*** THE DATA Section Begins ***
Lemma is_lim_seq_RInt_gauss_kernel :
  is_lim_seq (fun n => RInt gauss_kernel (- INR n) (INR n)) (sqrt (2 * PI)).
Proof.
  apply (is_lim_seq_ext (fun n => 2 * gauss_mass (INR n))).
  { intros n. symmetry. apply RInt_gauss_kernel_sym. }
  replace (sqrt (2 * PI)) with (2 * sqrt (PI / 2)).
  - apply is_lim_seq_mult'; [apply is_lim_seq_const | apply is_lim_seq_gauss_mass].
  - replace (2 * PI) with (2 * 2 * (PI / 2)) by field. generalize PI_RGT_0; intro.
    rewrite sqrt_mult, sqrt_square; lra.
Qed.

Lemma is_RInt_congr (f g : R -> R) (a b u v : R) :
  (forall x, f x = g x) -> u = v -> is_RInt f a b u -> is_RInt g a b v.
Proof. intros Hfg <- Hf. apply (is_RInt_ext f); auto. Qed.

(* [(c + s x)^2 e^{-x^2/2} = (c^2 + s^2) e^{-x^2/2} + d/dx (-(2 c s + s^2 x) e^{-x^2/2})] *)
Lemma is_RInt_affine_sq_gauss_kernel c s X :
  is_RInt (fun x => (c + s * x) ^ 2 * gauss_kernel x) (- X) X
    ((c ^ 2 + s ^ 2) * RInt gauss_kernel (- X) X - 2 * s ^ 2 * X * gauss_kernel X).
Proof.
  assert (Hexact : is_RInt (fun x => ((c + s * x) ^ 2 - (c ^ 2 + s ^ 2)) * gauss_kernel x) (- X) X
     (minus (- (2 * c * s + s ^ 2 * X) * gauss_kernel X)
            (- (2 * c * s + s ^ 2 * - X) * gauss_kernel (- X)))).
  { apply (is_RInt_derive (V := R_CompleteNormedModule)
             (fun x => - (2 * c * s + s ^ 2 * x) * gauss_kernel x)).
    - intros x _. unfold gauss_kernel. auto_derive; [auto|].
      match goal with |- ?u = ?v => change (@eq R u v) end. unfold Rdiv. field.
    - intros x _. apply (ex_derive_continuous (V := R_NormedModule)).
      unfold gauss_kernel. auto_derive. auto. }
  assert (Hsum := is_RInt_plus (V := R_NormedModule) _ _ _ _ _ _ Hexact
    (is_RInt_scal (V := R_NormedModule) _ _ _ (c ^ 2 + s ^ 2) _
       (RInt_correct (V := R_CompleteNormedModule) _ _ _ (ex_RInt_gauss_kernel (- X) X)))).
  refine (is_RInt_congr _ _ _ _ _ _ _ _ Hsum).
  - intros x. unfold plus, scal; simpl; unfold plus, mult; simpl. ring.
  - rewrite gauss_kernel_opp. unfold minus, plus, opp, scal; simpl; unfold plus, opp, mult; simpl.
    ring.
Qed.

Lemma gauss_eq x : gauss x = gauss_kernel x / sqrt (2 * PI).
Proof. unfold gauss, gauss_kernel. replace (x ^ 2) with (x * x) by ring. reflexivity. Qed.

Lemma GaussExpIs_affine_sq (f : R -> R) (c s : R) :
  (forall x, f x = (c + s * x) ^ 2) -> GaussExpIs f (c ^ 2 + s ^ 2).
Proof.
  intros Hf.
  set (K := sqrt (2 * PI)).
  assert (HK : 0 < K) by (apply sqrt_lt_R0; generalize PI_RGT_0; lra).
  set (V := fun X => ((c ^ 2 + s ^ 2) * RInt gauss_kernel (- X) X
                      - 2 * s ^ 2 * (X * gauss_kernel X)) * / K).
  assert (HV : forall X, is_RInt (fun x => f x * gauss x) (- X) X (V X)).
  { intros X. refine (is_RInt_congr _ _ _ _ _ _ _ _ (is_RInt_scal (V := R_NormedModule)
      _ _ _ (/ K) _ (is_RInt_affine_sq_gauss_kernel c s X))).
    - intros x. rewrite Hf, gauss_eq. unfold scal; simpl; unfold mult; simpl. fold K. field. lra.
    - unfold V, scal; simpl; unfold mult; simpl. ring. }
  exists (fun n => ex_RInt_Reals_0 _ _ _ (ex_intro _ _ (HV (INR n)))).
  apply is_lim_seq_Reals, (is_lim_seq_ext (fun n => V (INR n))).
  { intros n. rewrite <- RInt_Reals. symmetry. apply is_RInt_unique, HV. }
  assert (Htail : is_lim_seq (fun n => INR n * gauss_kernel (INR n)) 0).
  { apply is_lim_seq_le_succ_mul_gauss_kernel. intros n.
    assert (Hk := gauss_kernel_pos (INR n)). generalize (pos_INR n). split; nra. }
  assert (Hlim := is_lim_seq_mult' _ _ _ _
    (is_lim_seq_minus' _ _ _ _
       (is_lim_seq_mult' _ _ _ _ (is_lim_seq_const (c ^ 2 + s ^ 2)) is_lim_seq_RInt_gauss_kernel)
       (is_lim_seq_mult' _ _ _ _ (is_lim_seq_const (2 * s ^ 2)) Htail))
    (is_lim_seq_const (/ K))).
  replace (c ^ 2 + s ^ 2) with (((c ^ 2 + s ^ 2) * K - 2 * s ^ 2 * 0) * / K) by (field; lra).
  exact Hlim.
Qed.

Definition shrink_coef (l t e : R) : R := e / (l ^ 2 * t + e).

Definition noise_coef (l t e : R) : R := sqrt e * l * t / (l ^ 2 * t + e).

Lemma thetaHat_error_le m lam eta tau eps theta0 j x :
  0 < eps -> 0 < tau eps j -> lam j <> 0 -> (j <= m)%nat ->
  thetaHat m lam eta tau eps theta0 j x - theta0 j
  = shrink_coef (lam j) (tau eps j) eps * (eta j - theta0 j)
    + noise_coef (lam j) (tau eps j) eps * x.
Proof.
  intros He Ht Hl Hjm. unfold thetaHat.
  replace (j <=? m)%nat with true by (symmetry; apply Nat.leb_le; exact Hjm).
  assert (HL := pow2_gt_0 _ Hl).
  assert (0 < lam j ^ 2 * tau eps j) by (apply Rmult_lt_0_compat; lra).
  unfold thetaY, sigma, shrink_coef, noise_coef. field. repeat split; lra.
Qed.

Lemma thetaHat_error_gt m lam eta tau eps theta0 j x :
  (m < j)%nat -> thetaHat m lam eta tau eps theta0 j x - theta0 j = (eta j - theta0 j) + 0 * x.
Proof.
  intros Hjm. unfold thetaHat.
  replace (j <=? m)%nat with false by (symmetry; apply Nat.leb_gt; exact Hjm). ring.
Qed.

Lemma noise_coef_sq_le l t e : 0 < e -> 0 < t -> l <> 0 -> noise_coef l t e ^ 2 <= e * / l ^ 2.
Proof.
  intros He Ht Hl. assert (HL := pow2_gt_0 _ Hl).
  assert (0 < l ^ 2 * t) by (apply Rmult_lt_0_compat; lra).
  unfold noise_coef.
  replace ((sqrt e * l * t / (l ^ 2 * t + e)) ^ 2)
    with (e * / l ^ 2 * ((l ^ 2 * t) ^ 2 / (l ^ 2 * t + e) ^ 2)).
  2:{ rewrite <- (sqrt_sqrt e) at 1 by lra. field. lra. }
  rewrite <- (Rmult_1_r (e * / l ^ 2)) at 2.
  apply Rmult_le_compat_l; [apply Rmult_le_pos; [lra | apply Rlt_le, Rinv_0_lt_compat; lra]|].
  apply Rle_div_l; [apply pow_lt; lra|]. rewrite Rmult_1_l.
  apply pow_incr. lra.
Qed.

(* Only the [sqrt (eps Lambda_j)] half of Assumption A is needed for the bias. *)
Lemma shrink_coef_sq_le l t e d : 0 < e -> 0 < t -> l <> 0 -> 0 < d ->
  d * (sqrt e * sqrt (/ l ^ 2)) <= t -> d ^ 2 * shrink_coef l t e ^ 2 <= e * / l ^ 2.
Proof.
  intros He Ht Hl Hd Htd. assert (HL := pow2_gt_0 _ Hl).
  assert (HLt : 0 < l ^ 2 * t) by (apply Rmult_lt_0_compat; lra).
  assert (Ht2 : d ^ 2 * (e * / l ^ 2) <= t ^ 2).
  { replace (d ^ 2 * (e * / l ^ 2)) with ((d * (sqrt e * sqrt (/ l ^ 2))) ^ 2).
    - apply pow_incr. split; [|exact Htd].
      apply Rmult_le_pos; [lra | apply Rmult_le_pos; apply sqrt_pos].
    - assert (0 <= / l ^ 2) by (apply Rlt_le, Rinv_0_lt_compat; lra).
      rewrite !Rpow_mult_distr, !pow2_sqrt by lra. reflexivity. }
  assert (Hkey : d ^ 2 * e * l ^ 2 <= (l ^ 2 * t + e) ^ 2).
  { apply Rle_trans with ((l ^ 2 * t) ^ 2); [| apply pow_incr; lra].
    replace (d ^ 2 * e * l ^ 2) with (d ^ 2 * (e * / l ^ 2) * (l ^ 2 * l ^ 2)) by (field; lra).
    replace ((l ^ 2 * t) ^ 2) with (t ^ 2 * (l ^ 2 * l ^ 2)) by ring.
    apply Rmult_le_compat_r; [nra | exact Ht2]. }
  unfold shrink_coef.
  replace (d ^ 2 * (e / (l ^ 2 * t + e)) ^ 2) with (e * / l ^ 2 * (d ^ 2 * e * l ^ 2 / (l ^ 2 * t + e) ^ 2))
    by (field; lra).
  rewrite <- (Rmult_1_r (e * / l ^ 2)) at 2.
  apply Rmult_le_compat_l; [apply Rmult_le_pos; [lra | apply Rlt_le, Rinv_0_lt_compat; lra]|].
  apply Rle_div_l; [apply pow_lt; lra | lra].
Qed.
*** THE DATA Section Ends ***
### ASSIGNMENT
Set down, from the entries above, exactly the lines from the one with "(is_lim_seq_mult' _ _ _ _ (is_lim_seq_const (c" up to and including the one with "replace (c ^", and no other lines.

### RESULT OF THIS TASK
       (is_lim_seq_mult' _ _ _ _ (is_lim_seq_const (c ^ 2 + s ^ 2)) is_lim_seq_RInt_gauss_kernel)
       (is_lim_seq_mult' _ _ _ _ (is_lim_seq_const (2 * s ^ 2)) Htail))
    (is_lim_seq_const (/ K))).
  replace (c ^ 2 + s ^ 2) with (((c ^ 2 + s ^ 2) * K - 2 * s ^ 2 * 0) * / K) by (field; lra).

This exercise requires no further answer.